Sunday, October 24, 2010

The Walt Disney Family Museum: Bringing Disney Magic to the Bay

I'm a huge Disneyland fan, but grew up in a conflict of space. My quaint little hometown of Auburn, California, nestled in the foothills of the Sierra Nevadas, is 443 miles away from the original Disney park. Now I know that for many, that's close. But when I was young, that 8 hour drive seemed like an eternity, especially going through the heart (more like lower intestines) of California on the 5.
Walt's academy awards for Snow White and the Seven Dwarfs, one
of the few things at the museum I could take a picture of

So a couple of years ago, when I heard that, on Oct. 1, 2009, the Walt Disney Family Museum would be opening in San Francisco, only a mere 2 hours from my home, I was ecstatic. Then I realized that I would be at college in Arizona when it opened, but that's another story. In short, for the Disney die-hards that are a little disgruntled about the left-field-location of the museum, now you know how it feels.

I took my first trip to the museum, located in a renovated building in the Presidio, during my winter break in 2009-2010. Boy was I impressed.

Having just finished Neal Gabler's Walt Disney bio (Fresh AirInterview on the book)the previous summer, I was ready to see a visual representation of everything I had just read. From the beginning, listening to old tapes of Walt talking about his past, to his first go at animation with the Alice series, to the animation process and his entire life post-fame, the museum gave me everything I expected.

Old posters from the park at the Museum

There's so much to Walt's extremely complex life, and the museum, owned by the Walt Disney Family Foundation, a non-profit organization established by Disney's heirs (including Diane Marie Disney, co-founder of the Museum), does an amazing job at giving the real story of Walt's life.
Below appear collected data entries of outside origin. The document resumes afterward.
(* Let $k>1$ and let $f$ be a positive differentiable function on $[0,1]$ such that $f$ is constant or $f$ is non-increasing. Consider the planar system $$\frac{dI}{d\tau}=I\,[f(R)(1-I-R)-k],\qquad \frac{dR}{d\tau}=(k-1)I-R.$$ If $f(0)/k<1$, then the system has no endemic equilibrium points. If $f(0)/k>1$, then the system has a unique endemic equilibrium point, and this endemic equilibrium point is locally stable.
   Context: An endemic equilibrium is an equilibrium point $(I^*,R^* )$ of the system with $I^*>0$. ''Locally stable'' means locally asymptotically stable (both eigenvalues of the Jacobian at the point have negative real part). *)

From Stdlib Require Import Reals.
From Coquelicot Require Import Coquelicot.
Open Scope R_scope.

Definition dI (f : R -> R) (k i r : R) : R := i * (f r * (1 - i - r) - k).
Definition dR (k i r : R) : R := (k - 1) * i - r.

(* Biologically meaningful state space (fractions of the population). *)
Definition in_domain (i r : R) : Prop := 0 <= i /\ 0 <= r /\ i + r <= 1.

Definition equilibrium (f : R -> R) (k i r : R) : Prop :=
  in_domain i r /\ dI f k i r = 0 /\ dR k i r = 0.

Definition endemic_equilibrium (f : R -> R) (k i r : R) : Prop :=
  equilibrium f k i r /\ 0 < i.

(* Locally (asymptotically) stable: the Jacobian [[a b];[c d]] of the vector
   field (its partial derivatives) exists at (i,r), and every (complex)
   eigenvalue l, i.e. every root of det(J - l Id) = (a-l)(d-l) - b c, has
   negative real part. *)
Definition locally_stable (f : R -> R) (k i r : R) : Prop :=
  exists a b c d : R,
    derivable_pt_lim (fun x => dI f k x r) i a /\
    derivable_pt_lim (fun y => dI f k i y) r b /\
    derivable_pt_lim (fun x => dR k x r) i c /\
    derivable_pt_lim (fun y => dR k i y) r d /\
    forall l : C,
      Cminus (Cmult (Cminus (RtoC a) l) (Cminus (RtoC d) l))
             (Cmult (RtoC b) (RtoC c)) = RtoC 0 ->
      Re l < 0.

From Stdlib Require Import Reals Lra Psatz Ranalysis5.
From Coquelicot Require Import Coquelicot.
Open Scope R_scope.

(* At an endemic equilibrium [r = (k-1) i], so [i + r = a r] with [a = k/(k-1)],
   and [dI = 0] becomes [h r = 0] for [h r = f r (1 - a r) - k].  As [f] is
   positive and non-increasing, [h] decreases strictly on [0, 1/a], from
   [h 0 = f 0 - k] to [h (1/a) = -k]: it has no root there if [f 0 < k], and
   exactly one, by the intermediate value theorem, if [f 0 > k].  At that root
   the Jacobian has negative trace and, because [f' r <= 0], positive
   determinant. *)

Lemma derivable_pt_lim_nonincreasing_le0 (f : R -> R) (lo hi x l : R) :
  (forall u v, lo <= u -> u <= v -> v <= hi -> f v <= f u) ->
  lo <= x < hi -> derivable_pt_lim f x l -> l <= 0.
Proof.
  intros f_noninc [lo_x x_hi] df.
  destruct (Rle_dec l 0) as [|l_pos]; [assumption|].
  destruct (df l ltac:(lra)) as [[del del_pos] close].
  set (t := Rmin (del / 2) ((hi - x) / 2)).
  assert (t_del : t <= del / 2) by apply Rmin_l.
  assert (t_hi : t <= (hi - x) / 2) by apply Rmin_r.
  assert (t_pos : 0 < t) by (apply Rmin_pos; lra).
  specialize (close t ltac:(lra) ltac:(rewrite Rabs_right; simpl; lra)).
  assert (quot_le0 : (f (x + t) - f x) / t <= 0).
  { assert (f (x + t) <= f x) by (apply f_noninc; lra).
    assert ((f (x + t) - f x) / t * t = f (x + t) - f x) by (field; lra). nra. }
  apply Rabs_def2 in close. lra.
Qed.

Lemma charpoly2_root_Re_lt0 (a b c d : R) :
  a + d < 0 -> 0 < a * d - b * c ->
  forall l : C,
    Cminus (Cmult (Cminus (RtoC a) l) (Cminus (RtoC d) l))
           (Cmult (RtoC b) (RtoC c)) = RtoC 0 ->
    Re l < 0.
Proof.
  intros trace_neg det_pos [x y] root.
  unfold Cminus, Cmult, Cplus, Copp, RtoC in root; simpl in root.
  injection root as re_eq im_eq; simpl.
  destruct (Rlt_dec x 0) as [|x_nonneg]; [assumption|].
  assert (y = 0) by nra. subst y. nra.
Qed.

Section EndemicEquilibria.

Variables (k : R) (f : R -> R).
Hypothesis k_gt1 : 1 < k.
Hypothesis f_pos : forall x, 0 <= x <= 1 -> 0 < f x.
Hypothesis f_derivable : forall x, 0 <= x <= 1 -> exists l, derivable_pt_lim f x l.
Hypothesis f_noninc : forall x y, 0 <= x -> x <= y -> y <= 1 -> f y <= f x.

Let a := k / (k - 1).
Let h (r : R) : R := f r * (1 - a * r) - k.

Lemma a_gt1 : 1 < a.
Proof. unfold a. apply (Rmult_lt_reg_r (k - 1)); [lra|]. field_simplify; lra. Qed.

Lemma endemic_equilibriumE (i r : R) :
  endemic_equilibrium f k i r <-> i = r / (k - 1) /\ 0 < r /\ a * r <= 1 /\ h r = 0.
Proof.
  assert (sum_eq : forall i, i = r / (k - 1) -> i + r = a * r).
  { intros j ->. unfold a. field. lra. }
  unfold endemic_equilibrium, equilibrium, in_domain, dI, dR, h.
  split.
  - intros [[[i_ge0 [r_ge0 ir_le1]] [dI_0 dR_0]] i_pos].
    apply Rmult_integral in dI_0 as [|dI_0]; [lra|].
    assert (i_eq : i = r / (k - 1)) by (replace r with ((k - 1) * i) by lra; field; lra).
    pose proof (sum_eq i i_eq) as ir_eq.
    repeat split; [assumption|nra|lra|].
    replace (1 - a * r) with (1 - i - r); lra.
  - intros (i_eq & r_pos & ar_le1 & h_0).
    pose proof (sum_eq i i_eq) as ir_eq.
    assert (i_pos : 0 < i) by (rewrite i_eq; apply Rdiv_lt_0_compat; lra).
    repeat split; try lra.
    + replace (1 - i - r) with (1 - a * r) by lra. rewrite h_0. ring.
    + subst i. field. lra.
Qed.

Lemma h_strict_decr (x y : R) : 0 <= x < y -> a * y <= 1 -> h y < h x.
Proof.
  intros [x_ge0 x_lt_y] ay_le1. pose proof a_gt1.
  assert (f y <= f x) by (apply f_noninc; nra).
  assert (0 < f x) by (apply f_pos; nra).
  assert (f y * (1 - a * y) <= f x * (1 - a * y)) by (apply Rmult_le_compat_r; lra).
  assert (f x * (a * x) < f x * (a * y)) by (apply Rmult_lt_compat_l; nra).
  unfold h. lra.
Qed.

Lemma h_continuous (x : R) : 0 <= x <= 1 -> continuity_pt h x.
Proof.
  intros x_01. destruct (f_derivable x x_01) as [l df].
  apply continuity_pt_minus; [|apply continuity_pt_const; intros ? ?; reflexivity].
  apply continuity_pt_mult.
  - apply derivable_continuous_pt. exists l. exact df.
  - apply continuity_pt_minus; [apply continuity_pt_const; intros ? ?; reflexivity|].
    apply continuity_pt_scal, derivable_continuous_pt, derivable_pt_id.
Qed.

Lemma h_root_exists : k < f 0 -> exists r, 0 < r /\ a * r <= 1 /\ h r = 0.
Proof.
  intros f0_gt_k. pose proof a_gt1.
  assert (a_inv : a * / a = 1) by (field; lra).
  assert (inv_a_pos : 0 < / a) by (apply Rinv_0_lt_compat; lra).
  destruct (IVT_interv (fun x => - h x) 0 (/ a)) as (r & r_range & h_r); try lra.
  - intros x x_range. apply continuity_pt_opp, h_continuous.
    assert (a * x <= 1) by nra. nra.
  - unfold h. rewrite Rmult_0_r. lra.
  - unfold h. rewrite a_inv. lra.
  - exists r. repeat split; try nra.
    destruct (Req_dec r 0) as [->|]; [|lra].
    unfold h in h_r. rewrite Rmult_0_r in h_r. lra.
Qed.

Lemma no_endemic_equilibrium : f 0 <= k -> forall i r, ~ endemic_equilibrium f k i r.
Proof.
  intros f0_le_k i r (_ & r_pos & ar_le1 & h_0)%endemic_equilibriumE.
  assert (h r < h 0) by (apply h_strict_decr; lra).
  unfold h in *. rewrite Rmult_0_r in *. lra.
Qed.

Lemma endemic_equilibrium_exists : k < f 0 -> exists i r, endemic_equilibrium f k i r.
Proof.
  intros f0_gt_k. destruct (h_root_exists f0_gt_k) as (r & r_pos & ar_le1 & h_0).
  exists (r / (k - 1)), r. apply endemic_equilibriumE. auto.
Qed.

Lemma endemic_equilibrium_unique (i r i' r' : R) :
  endemic_equilibrium f k i r -> endemic_equilibrium f k i' r' -> i' = i /\ r' = r.
Proof.
  intros (i_eq & r_pos & ar_le1 & h_0)%endemic_equilibriumE
         (i'_eq & r'_pos & ar'_le1 & h'_0)%endemic_equilibriumE.
  assert (r_eq : r' = r).
  { destruct (Rtotal_order r' r) as [lt | [eq | gt]]; [|exact eq|].
    - assert (h r < h r') by (apply h_strict_decr; lra). lra.
    - assert (h r' < h r) by (apply h_strict_decr; lra). lra. }
  subst r'. split; congruence.
Qed.

Lemma endemic_equilibrium_locally_stable (i r : R) :
  endemic_equilibrium f k i r -> locally_stable f k i r.
Proof.
  intros EE. pose proof EE as (i_eq & r_pos & ar_le1 & _)%endemic_equilibriumE.
  destruct EE as [[[i_ge0 [r_ge0 ir_le1]] [dI_0 dR_0]] i_pos].
  apply Rmult_integral in dI_0 as [|dI_0]; [lra|].
  pose proof a_gt1.
  assert (r_lt1 : r < 1) by nra.
  assert (fr_pos : 0 < f r) by (apply f_pos; lra).
  assert (s_pos : 0 < 1 - i - r) by nra.
  destruct (f_derivable r ltac:(lra)) as [l df].
  assert (l_le0 : l <= 0)
    by exact (derivable_pt_lim_nonincreasing_le0 f 0 1 r l f_noninc ltac:(lra) df).
  exists (f r * (1 - i - r) - k - i * f r), (i * (l * (1 - i - r) - f r)), (k - 1), (-1).
  unfold dI, dR. repeat split.
  - apply is_derive_Reals. auto_derive; [exact I|]. ring.
  - apply is_derive_Reals. apply is_derive_Reals in df. auto_derive.
    + repeat split. exists l. exact df.
    + replace (Derive (fun x => f x) r) with l
        by (symmetry; exact (is_derive_unique _ _ _ df)).
      ring.
  - apply is_derive_Reals. auto_derive; [exact I|]. ring.
  - apply is_derive_Reals. auto_derive; [exact I|]. ring.
  - apply charpoly2_root_Re_lt0; rewrite dI_0; [nra|].
    assert (0 < k * i * f r) by (apply Rmult_lt_0_compat; nra).
    assert (0 <= (k - 1) * i * (- l * (1 - i - r))) by (apply Rmult_le_pos; nra).
    lra.
Qed.

End EndemicEquilibria.

Theorem proposition2 (k : R) (f : R -> R)
  (hk : 1 < k)
  (hpos : forall x, 0 <= x <= 1 -> 0 < f x)
  (hdiff : forall x, 0 <= x <= 1 -> exists l, derivable_pt_lim f x l)
  (hshape : (exists c, forall x, 0 <= x <= 1 -> f x = c) \/
            (forall x y, 0 <= x -> x <= y -> y <= 1 -> f y <= f x)) :
  (f 0 / k < 1 -> forall i r, ~ endemic_equilibrium f k i r) /\
  (f 0 / k > 1 ->
     exists i r, endemic_equilibrium f k i r /\
       (forall i' r', endemic_equilibrium f k i' r' -> i' = i /\ r' = r) /\
       locally_stable f k i r).
Proof.
  assert (f_noninc : forall x y, 0 <= x -> x <= y -> y <= 1 -> f y <= f x).
  { destruct hshape as [[c f_const] | f_noninc]; [|exact f_noninc].
    intros x y x_ge0 x_le_y y_le1. rewrite (f_const x), (f_const y); lra. }
  assert (ratio : f 0 / k * k = f 0) by (field; lra).
  split.
  - intros lt1. apply no_endemic_equilibrium; [assumption..|nra].
  - intros gt1.
    destruct (endemic_equilibrium_exists k f hk hdiff ltac:(nra)) as (i & r & EE).
    exists i, r. split; [|split].
    + exact EE.
    + intros i' r'. exact (endemic_equilibrium_unique k f hk hpos f_noninc i r i' r' EE).
    + exact (endemic_equilibrium_locally_stable k f hk hpos hdiff f_noninc i r EE).
Qed.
With such an abbundance of false information about the man floating around out there, it's comforting to know there is a museum  that exists to tell his story.
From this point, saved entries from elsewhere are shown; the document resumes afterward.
Lemma assoc_matrix_hopf_iso p (H2 : hopf_data F m) (M : 'M[F]_m)
    (t : 'I_n -> 'rV[F]_m) (A : 'M[F]_n) :
  hopf_iso H H2 M -> assoc_matrix p H t A -> assoc_matrix p H2 (fun i => t i *m M) A.
Proof.
move=> [M_unit hmulM huM hcomM _] [[t_prim t_free t_span] tA].
have prim_iso x : primitive H x -> primitive H2 (x *m M).
  move=> x_prim; rewrite /primitive hcomM -[_ *m M]/(conj_tens M _).
  exact: conj_tens_primitive huM x_prim.
have prim_iso_inv y : primitive H2 y -> primitive H (y *m invmx M).
  move=> y_prim; rewrite /primitive -[hcom H _](conj_tensK _ M_unit) [conj_tens M _]/conj_tens.
  rewrite -hcomM mulmxKV //.
  have huM' : hu H2 *m invmx M = hu H by rewrite -huM mulmxK.
  by rewrite (conj_tens_primitive huM' y_prim).
split; first split.
- by move=> i; apply: prim_iso.
- move=> c; under eq_bigr do rewrite scalemxAl.
  rewrite -mulmx_suml => /(congr1 (mulmx^~ (invmx M))).
  by rewrite mulmxK // mul0mx; apply: t_free.
- move=> y /prim_iso_inv /t_span [c yc]; exists c.
  rewrite -[y](mulmxKV M_unit) yc mulmx_suml.
  by apply: eq_bigr => i _; rewrite scalemxAl.
- move=> i; have -> k : hpow H2 (t i *m M) k = hpow H (t i) k *m M.
    by elim: k => [|k IH] //=; rewrite IH hmulM.
  by rewrite tA mulmx_suml; apply: eq_bigr => j _; rewrite scalemxAl.
Qed.

End PrimitiveBases.

Section FrobeniusConjugacy.
Variables (F : fieldType) (p m n : nat) (H : hopf_data F m) (hH : halg_axioms H).
Hypothesis pF : p \in [pchar F].

Local Notation frob Theta := (map_mx (fun x => x ^+ p) Theta).

Lemma assoc_matrix_comb_expr (s : 'I_n -> 'rV[F]_m) (B Theta : 'M[F]_n) i :
  assoc_matrix p H s B ->
  (\sum_j Theta j i *: (s j : halg hH)) ^+ p = \sum_k (B *m frob Theta) k i *: (s k : halg hH).
Proof.
move=> sB; rewrite exprZn_sum_pchar // -sum_scale_mulmx; apply: eq_bigr => j _.
by rewrite (assoc_matrix_expr hH sB) mxE.
Qed.

Lemma assoc_matrix_change (s : 'I_n -> 'rV[F]_m) (A B Theta : 'M[F]_n) :
  assoc_matrix p H s B -> Theta \in unitmx -> Theta *m A = B *m frob Theta ->
  assoc_matrix p H (fun i => \sum_j Theta j i *: s j) A.
Proof.
move=> sB Theta_unit ThetaAB; split; first by case: sB => s_basis _; apply: prim_basis_change.
by move=> i; rewrite (hpow_exp hH) (assoc_matrix_comb_expr _ _ sB) -ThetaAB -sum_scale_mulmx.
Qed.

Lemma assoc_matrix_transition (t s : 'I_n -> 'rV[F]_m) (A B : 'M[F]_n) :
  assoc_matrix p H t A -> assoc_matrix p H s B ->
  exists2 Theta : 'M[F]_n, Theta \in unitmx & Theta *m A = B *m frob Theta.
Proof.
move=> tA sB; have [[t_prim t_free _] _] := tA.
have [s_basis _] := sB; have [s_prim s_free _] := s_basis.
have [Theta tTheta] := prim_basis_coord_mx s_basis t_prim.
have [Theta' sTheta'] := prim_basis_coord_mx tA.1 s_prim.
exists Theta.
  suff /mulmx1_unit[] : Theta' *m Theta = 1%:M by [].
  apply: (free_coef_mx_eq t_free) => i; rewrite sum_scale_mx1 -sum_scale_mulmx tTheta.
  by apply: eq_bigr => j _; rewrite sTheta'.
apply: (free_coef_mx_eq s_free) => i.
rewrite -sum_scale_mulmx -(assoc_matrix_comb_expr _ _ sB) -tTheta.
by rewrite (assoc_matrix_expr hH tA); apply: eq_bigr => j _; rewrite tTheta.
Qed.

End FrobeniusConjugacy.

Lemma hopf_iso_frobenius_conj (F : fieldType) (p n : nat) (H1 H2 : hopf_data F (p ^ n))
    (hH1 : halg_axioms H1) (hH2 : halg_axioms H2)
    (t s : 'I_n -> 'rV[F]_(p ^ n)) (A B : 'M[F]_n) :
  p \in [pchar F] -> bialg_axioms H1 -> bialg_axioms H2 ->
  prim_generated H1 -> prim_generated H2 ->
  assoc_matrix p H1 t A -> assoc_matrix p H2 s B ->
  (exists M, hopf_iso H1 H2 M) <->
  (exists Theta, Theta \in unitmx /\ Theta *m A = B *m map_mx (fun x => x ^+ p) Theta).
Proof.
move=> pF H1_bi H2_bi H1_pg H2_pg tA sB; split.
- move=> [M iso_M].
  have tMA := assoc_matrix_hopf_iso iso_M tA.
  by have [Theta] := assoc_matrix_transition hH2 pF tMA sB; exists Theta.
- move=> [Theta [Theta_unit ThetaAB]].
  have s'A := assoc_matrix_change hH2 pF sB Theta_unit ThetaAB.
  have p_gt1 := prime_gt1 (pcharf_prime pF).
  by eexists; apply: (hopf_iso_mono hH1 hH2 p_gt1 tA s'A).
Qed.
My personal favorite part: the model of "Walt's Disneyland," a fascinating display of the Disneyland of Walt's mind, depicting different aspects of the park that that never existed  togetherat one certain time. On my second trip, I spent almost an hour examining and reexamining it.

With it's wide array of events, a trip back home will always include a trip to the museum.    


If you've been to the museum, what was your favorite part?